With a warning hiss, the cat dragged the carcass into the brush, into the shadows of the pine and birch trees.

“She has kittens to feed,” Lil murmured, and her voice sounded thin and raw in the morning air. “Holy shit.” She pulled out her recorder, nearly fumbled it. “Calm down. Just calm down. Okay, document. Okay. Sighted female cougar, approximately two meters long, nose to tail. Jeez, weight about forty kilograms. Typical tawny color. Stalk-and-ambush kill. It took down a bison calf from a herd of seven grazing in high grass. Defended kill from bull. It dragged kill into the forest, potentially due to my presence, though if the female has a litter, they would be too young, probably, to visit kill sites with the mother. She’s taking her kids, who wouldn’t be fully weaned as yet, breakfast. Incident recorded… seven twenty-five A.M., June 12. Wow.”

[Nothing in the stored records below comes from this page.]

(* Let $G$ be a group acting on a set $X$ and $f:\mathcal{P}_{\mathrm{fin}}(X)\to\mathbb{R}$ a $G$-invariant submodular function such that the minimum $m=\min_{Y\in\mathcal{P}_{\mathrm{fin}}(X),\,Y\neq\emptyset}f(Y)$ exists. Let $\mathcal{A}$ be the set of atoms for $f$ and $\mathcal{C}(X)=\bigcup_{Y_0\in\mathcal{A}}Y_0$ (the core of $X$). Then: (0) for every atom $Y_0$ and every $g\in G$, $g\cdot Y_0$ is an atom and either $g\cdot Y_0=Y_0$ or $g\cdot Y_0\cap Y_0=\emptyset$; distinct atoms are disjoint; (1) $G$ acts on $\mathcal{A}$ by $(g,Y_0)\mapsto g\cdot Y_0$; (2) $g\cdot\mathcal{C}(X)=\mathcal{C}(X)$ for all $g\in G$, so $\mathcal{C}(X)$, the disjoint union of the atoms, is a disjoint union of $G$-orbits in $X$; (3) for any atom $Y_0$ and any $y_0\in Y_0$ one has $G_{y_0}\subset G_{Y_0}$; and for any $G$-orbit $\mathcal{O}$ and atom $Y_0$, either $\mathcal{O}\cap Y_0=\emptyset$ or, for any $y_0\in\mathcal{O}\cap Y_0$, $\mathcal{O}\cap Y_0=\{g\cdot y_0\mid g\in G_{Y_0}\}$ and the map $gG_{y_0}\mapsto g\cdot y_0$ is a bijection from $G_{Y_0}/G_{y_0}$ onto $\mathcal{O}\cap Y_0$. Furthermore, when the action of $G$ on $X$ is transitive, $\mathcal{C}(X)=X$, i.e. each element of $X$ belongs to an atom (and the atoms partition $X$).
   Context: $\mathcal{P}_{\mathrm{fin}}(X)$ is the set of finite subsets of $X$. $f$ is submodular if $f(Y\cap Z)+f(Y\cup Z)\leq f(Y)+f(Z)$ for all finite $Y,Z\subset X$, and $G$-invariant if $f(g\cdot Y)=f(Y)$ for all $g\in G$, where $g\cdot Y=\{g\cdot y\mid y\in Y\}$. A fragment for $f$ is a nonempty finite $Y\subset X$ with $f(Y)=m$; an atom is a fragment of minimum cardinality among fragments. $G_{y}=\{g\in G\mid g\cdot y=y\}$ and $G_Y=\{g\in G\mid g\cdot Y=Y\}$. *)

From HB Require Import structures.
From mathcomp Require Import all_boot.
From mathcomp Require Import finmap.
From Stdlib Require Import Reals.

Set Implicit Arguments.
Unset Strict Implicit.
Unset Printing Implicit Defensive.

Local Open Scope fset_scope.

Definition is_group {G : Type} (mul : G -> G -> G) (one : G) (inv : G -> G) : Prop :=
  (forall a b c, mul a (mul b c) = mul (mul a b) c) /\
  (forall a, mul one a = a) /\ (forall a, mul a one = a) /\
  (forall a, mul (inv a) a = one) /\ (forall a, mul a (inv a) = one).

Definition is_group_action {G X : Type} (mul : G -> G -> G) (one : G)
    (act : G -> X -> X) : Prop :=
  (forall x, act one x = x) /\ (forall g h x, act (mul g h) x = act g (act h x)).

Definition act_set {G : Type} {X : choiceType} (act : G -> X -> X) (g : G)
    (Y : {fset X}) : {fset X} := [fset act g y | y in Y].

Definition submodular {X : choiceType} (f : {fset X} -> R) : Prop :=
  forall Y Z : {fset X}, (f (Y `&` Z) + f (Y `|` Z) <= f Y + f Z)%R.

Definition G_invariant {G : Type} {X : choiceType} (act : G -> X -> X)
    (f : {fset X} -> R) : Prop :=
  forall g Y, f (act_set act g Y) = f Y.

Definition is_min_nonempty {X : choiceType} (f : {fset X} -> R) (m : R) : Prop :=
  (exists Y : {fset X}, Y != fset0 /\ f Y = m) /\
  (forall Y : {fset X}, Y != fset0 -> (m <= f Y)%R).

Definition fragment {X : choiceType} (f : {fset X} -> R) (m : R) (Y : {fset X}) : Prop :=
  Y != fset0 /\ f Y = m.

Definition atom {X : choiceType} (f : {fset X} -> R) (m : R) (Y : {fset X}) : Prop :=
  fragment f m Y /\ (forall Z, fragment f m Z -> #|` Y| <= #|` Z|).

Definition core {X : choiceType} (f : {fset X} -> R) (m : R) (x : X) : Prop :=
  exists Y0, atom f m Y0 /\ x \in Y0.

Definition is_orbit {G X : Type} (act : G -> X -> X) (O : X -> Prop) : Prop :=
  exists x, forall z, O z <-> exists g, act g x = z.

From mathcomp Require Import all_boot.
From mathcomp Require Import finmap.
From Stdlib Require Import Reals Lra Classical.

(* If two atoms A, B meet, then f (A :&: B) + f (A :|: B) <= 2m forces both
   terms to equal m, so A :&: B is a fragment inside A and B; minimality of
   their cardinality gives A = A :&: B = B.  Since f is G-invariant and g acts
   injectively, g.A is again an atom, so g.A = A or g.A and A are disjoint.
   In the transitive case an atom (which exists since m is attained) is moved
   onto any point. *)

Set Implicit Arguments.
Unset Strict Implicit.
Unset Printing Implicit Defensive.

Local Open Scope fset_scope.

Lemma exists_min_card (X : choiceType) (P : {fset X} -> Prop) :
  (exists Y, P Y) -> exists Y, P Y /\ forall Z, P Z -> #|` Y| <= #|` Z|.
Proof.
move=> [Y PY]; have [n] := ubnP #|` Y|; elim: n Y PY => // n IH Y PY.
rewrite ltnS => cardY.
case: (classic (exists2 Z, P Z & #|` Z| < #|` Y|)) => [[Z PZ ltZY] | noZ].
  by apply: (IH Z PZ); apply: leq_trans ltZY cardY.
by exists Y; split=> // Z PZ; rewrite leqNgt; apply/negP => ltZY; apply: noZ; exists Z.
Qed.

Section Atoms.

Variables (X : choiceType) (f : {fset X} -> R) (m : R).
Hypothesis f_submod : submodular f.
Hypothesis m_min : is_min_nonempty f m.

Lemma atom_exists : exists A, atom f m A.
Proof. by case: m_min => [[Y [Y0 fY]] _]; apply: exists_min_card; exists Y. Qed.

Lemma atoms_meet_eq (A B : {fset X}) :
  atom f m A -> atom f m B -> A `&` B != fset0 -> A = B.
Proof.
case: m_min => _ m_le [[A0 fA] minA] [[B0 fB] minB] AB0.
have AUB0 : A `|` B != fset0 by rewrite fsetU_eq0 negb_and A0.
have submodAB := f_submod A B; have m_le_AB := m_le _ AB0; have m_le_AUB := m_le _ AUB0.
have fragAB : fragment f m (A `&` B) by split => //; lra.
have /eqP AB_A : A `&` B == A by rewrite eqEfcard fsubsetIl minA.
have /eqP AB_B : A `&` B == B by rewrite eqEfcard fsubsetIr minB.
by rewrite -AB_A -[RHS]AB_B.
Qed.

Lemma atoms_common_mem (A B : {fset X}) (z : X) :
  atom f m A -> atom f m B -> z \in A -> z \in B -> A = B.
Proof.
move=> atA atB zA zB; apply: atoms_meet_eq => //.
by apply/fset0Pn; exists z; rewrite in_fsetI zA zB.
Qed.

Lemma atoms_disjoint (A B : {fset X}) :
  atom f m A -> atom f m B -> A <> B -> A `&` B = fset0.
Proof.
move=> atA atB neAB; apply/eqP; apply: contraNT (introN eqP neAB).
by move/(atoms_meet_eq atA atB) ->.
Qed.

End Atoms.

Section Action.

Variables (G : Type) (mul : G -> G -> G) (one : G) (inv : G -> G).
Variables (X : choiceType) (act : G -> X -> X).
Hypothesis G_group : is_group mul one inv.
Hypothesis act_action : is_group_action mul one act.

Lemma act1 x : act one x = x.
Proof. by case: act_action. Qed.

Lemma actM g h x : act (mul g h) x = act g (act h x).
Proof. by case: act_action. Qed.

Lemma actK g : cancel (act g) (act (inv g)).
Proof. by case: G_group => [_ [_ [_ [mulVg _]]]] x; rewrite -actM mulVg act1. Qed.

Lemma actVK g : cancel (act (inv g)) (act g).
Proof. by case: G_group => [_ [_ [_ [_ mulgV]]]] x; rewrite -actM mulgV act1. Qed.

Lemma act_inj g : injective (act g).
Proof. exact: can_inj (actK g). Qed.

Lemma mem_act_set g (Y : {fset X}) z :
  reflect (exists2 y, y \in Y & z = act g y) (z \in act_set act g Y).
Proof. exact: imfsetP. Qed.

Lemma mem_act_set_act g (Y : {fset X}) y : y \in Y -> act g y \in act_set act g Y.
Proof. exact: in_imfset. Qed.

Lemma card_act_set g (Y : {fset X}) : #|` act_set act g Y| = #|` Y|.
Proof. exact: card_imfset (@act_inj g). Qed.

Lemma act_set1 (Y : {fset X}) : act_set act one Y = Y.
Proof.
apply/fsetP => z; apply/mem_act_set/idP => [[y yY ->] | zY]; first by rewrite act1.
by exists z; rewrite ?act1.
Qed.

Lemma act_setM g h (Y : {fset X}) :
  act_set act (mul g h) Y = act_set act g (act_set act h Y).
Proof.
apply/fsetP => z; apply/mem_act_set/mem_act_set => [[y yY ->] | [_ /mem_act_set [y yY ->] ->]].
  by exists (act h y); rewrite ?actM ?mem_act_set_act.
by exists y; rewrite ?actM.
Qed.

Lemma act_eq_iff_fixed g h y : act g y = act h y <-> act (mul (inv g) h) y = y.
Proof. by rewrite actM; split=> [<- | E]; [rewrite actK | rewrite -{1}E actVK]. Qed.

Lemma orbit_act (O : X -> Prop) g y : is_orbit act O -> O y -> O (act g y).
Proof. by move=> [x Ox] /Ox [k <-]; apply/Ox; exists (mul g k); rewrite actM. Qed.

Lemma orbit_transitive (O : X -> Prop) y z :
  is_orbit act O -> O y -> O z -> exists g, act g y = z.
Proof.
by move=> [x Ox] /Ox [k <-] /Ox [h <-]; exists (mul h (inv k)); rewrite actM actK.
Qed.

Variables (f : {fset X} -> R) (m : R).
Hypothesis f_inv : G_invariant act f.

Lemma atom_act_set g (Y : {fset X}) : atom f m Y -> atom f m (act_set act g Y).
Proof.
move=> [[Y0 fY] minY]; split; [split|].
- by case/fset0Pn: Y0 => y yY; apply/fset0Pn; exists (act g y); apply: mem_act_set_act.
- by rewrite f_inv.
- by move=> Z fragZ; rewrite card_act_set; apply: minY.
Qed.

Lemma core_act g x : core f m x -> core f m (act g x).
Proof.
move=> [Y [atY xY]]; exists (act_set act g Y).
by split; [apply: atom_act_set | apply: mem_act_set_act].
Qed.

Lemma core_actE g x : core f m (act g x) <-> core f m x.
Proof. by split=> [/(core_act (inv g)) | ]; [rewrite actK | apply: core_act]. Qed.

Hypothesis m_min : is_min_nonempty f m.

Lemma core_of_transitive : (forall x y, exists g, act g x = y) -> forall x, core f m x.
Proof.
move=> transitive x; have [A atA] := atom_exists m_min.
have [y yA] := fset0Pn _ (proj1 (proj1 atA)); have [g <-] := transitive y x.
by apply: core_act; exists A.
Qed.

Hypothesis f_submod : submodular f.

Lemma atom_act_set_id g (Y : {fset X}) y :
  atom f m Y -> y \in Y -> act g y \in Y -> act_set act g Y = Y.
Proof.
move=> atY yY gyY; apply: (atoms_common_mem f_submod m_min (atom_act_set g atY) atY _ gyY).
exact: mem_act_set_act.
Qed.

Lemma atom_act_set_id_or_disjoint g (Y : {fset X}) :
  atom f m Y -> act_set act g Y = Y \/ act_set act g Y `&` Y = fset0.
Proof.
move=> atY; have [-> | /fset0Pn [z]] := eqVneq (act_set act g Y `&` Y) fset0; first by right.
rewrite in_fsetI => /andP [zgY zY]; left.
exact: (atoms_common_mem f_submod m_min (atom_act_set g atY) atY zgY zY).
Qed.

Lemma orbit_meet_atom (O : X -> Prop) (Y : {fset X}) y z :
  is_orbit act O -> atom f m Y -> O y -> y \in Y ->
  (O z /\ z \in Y) <-> exists g, act_set act g Y = Y /\ act g y = z.
Proof.
move=> orbO atY Oy yY; split=> [[Oz zY] | [g [gY <-]]].
  have [g gyz] := orbit_transitive orbO Oy Oz.
  by exists g; split=> //; apply: (atom_act_set_id atY yY); rewrite gyz.
by split; [apply: orbit_act | rewrite -gY mem_act_set_act].
Qed.

End Action.

Theorem mainTheorem7 (G : Type) (mul : G -> G -> G) (one : G) (inv : G -> G)
  (X : choiceType) (act : G -> X -> X) (f : {fset X} -> R) (m : R) :
  is_group mul one inv ->
  is_group_action mul one act ->
  G_invariant act f ->
  submodular f ->
  is_min_nonempty f m ->
  (* (0) *)
  (forall (Y0 : {fset X}) (g : G), atom f m Y0 ->
      atom f m (act_set act g Y0) /\
      (act_set act g Y0 = Y0 \/ act_set act g Y0 `&` Y0 = fset0)) /\
  (forall Y0 Y1 : {fset X}, atom f m Y0 -> atom f m Y1 -> Y0 <> Y1 ->
      Y0 `&` Y1 = fset0) /\
  (* (1) *)
  (forall Y0 : {fset X}, atom f m Y0 ->
      act_set act one Y0 = Y0 /\
      (forall g h : G, act_set act (mul g h) Y0 = act_set act g (act_set act h Y0))) /\
  (* (2) *)
  (forall (g : G) (x : X), core f m (act g x) <-> core f m x) /\
  (* (3) *)
  (forall (Y0 : {fset X}) (y0 : X), atom f m Y0 -> y0 \in Y0 ->
      forall g : G, act g y0 = y0 -> act_set act g Y0 = Y0) /\
  (forall (O : X -> Prop) (Y0 : {fset X}), is_orbit act O -> atom f m Y0 ->
      (forall y, O y -> y \notin Y0) \/
      (forall y0, O y0 -> y0 \in Y0 ->
         (forall z, (O z /\ z \in Y0) <->
                    exists g, act_set act g Y0 = Y0 /\ act g y0 = z) /\
         (forall g h : G, act_set act g Y0 = Y0 -> act_set act h Y0 = Y0 ->
            (act g y0 = act h y0 <-> act (mul (inv g) h) y0 = y0)))) /\
  (* transitive case *)
  ((forall x y : X, exists g, act g x = y) -> forall x : X, core f m x).
Proof.
move=> grp action f_inv f_submod m_min.
split.
  move=> Y g atY; split; first exact: (atom_act_set grp action f_inv).
  exact: (atom_act_set_id_or_disjoint grp action f_inv m_min f_submod).
split; first exact: atoms_disjoint.
split; first by move=> Y _; split=> [|g h]; [apply: (act_set1 action) | apply: (act_setM action)].
split; first exact: (core_actE grp action m f_inv).
split.
  move=> Y y atY yY g gy.
  by apply: (atom_act_set_id grp action f_inv m_min f_submod atY yY); rewrite gy.
split; last exact: (core_of_transitive grp action f_inv m_min).
move=> O Y orbO atY; right=> y Oy yY; split=> [z | g h _ _].
  exact: (orbit_meet_atom grp action f_inv m_min f_submod).
exact: (act_eq_iff_fixed grp action).
Qed.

As much as she wanted to, she knew better than to follow the track of the cat. If she had young, she might very well attack horse and rider to defend them, and her territory.

“We’re not going to top that,” she decided. “I guess it’s time to go home.”

She took the most direct route, anxious to get back and write up her notes. Still it was mid-afternoon before she saw her father and his part-time hand Jay mending a fence in a pasture.

Cattle scattered as she rode through them and whoaed the horse by the battered old Jeep.

“There’s my girl.” Joe walked over to give her leg, then the mare’s neck, a pat. “Home from the wilderness?”

“Safe and sound, as promised. Hi, Jay.”

Jay, who didn’t believe in using two words if one would do, tapped the brim of his hat in response.

“You need some help here?” Lil asked her father.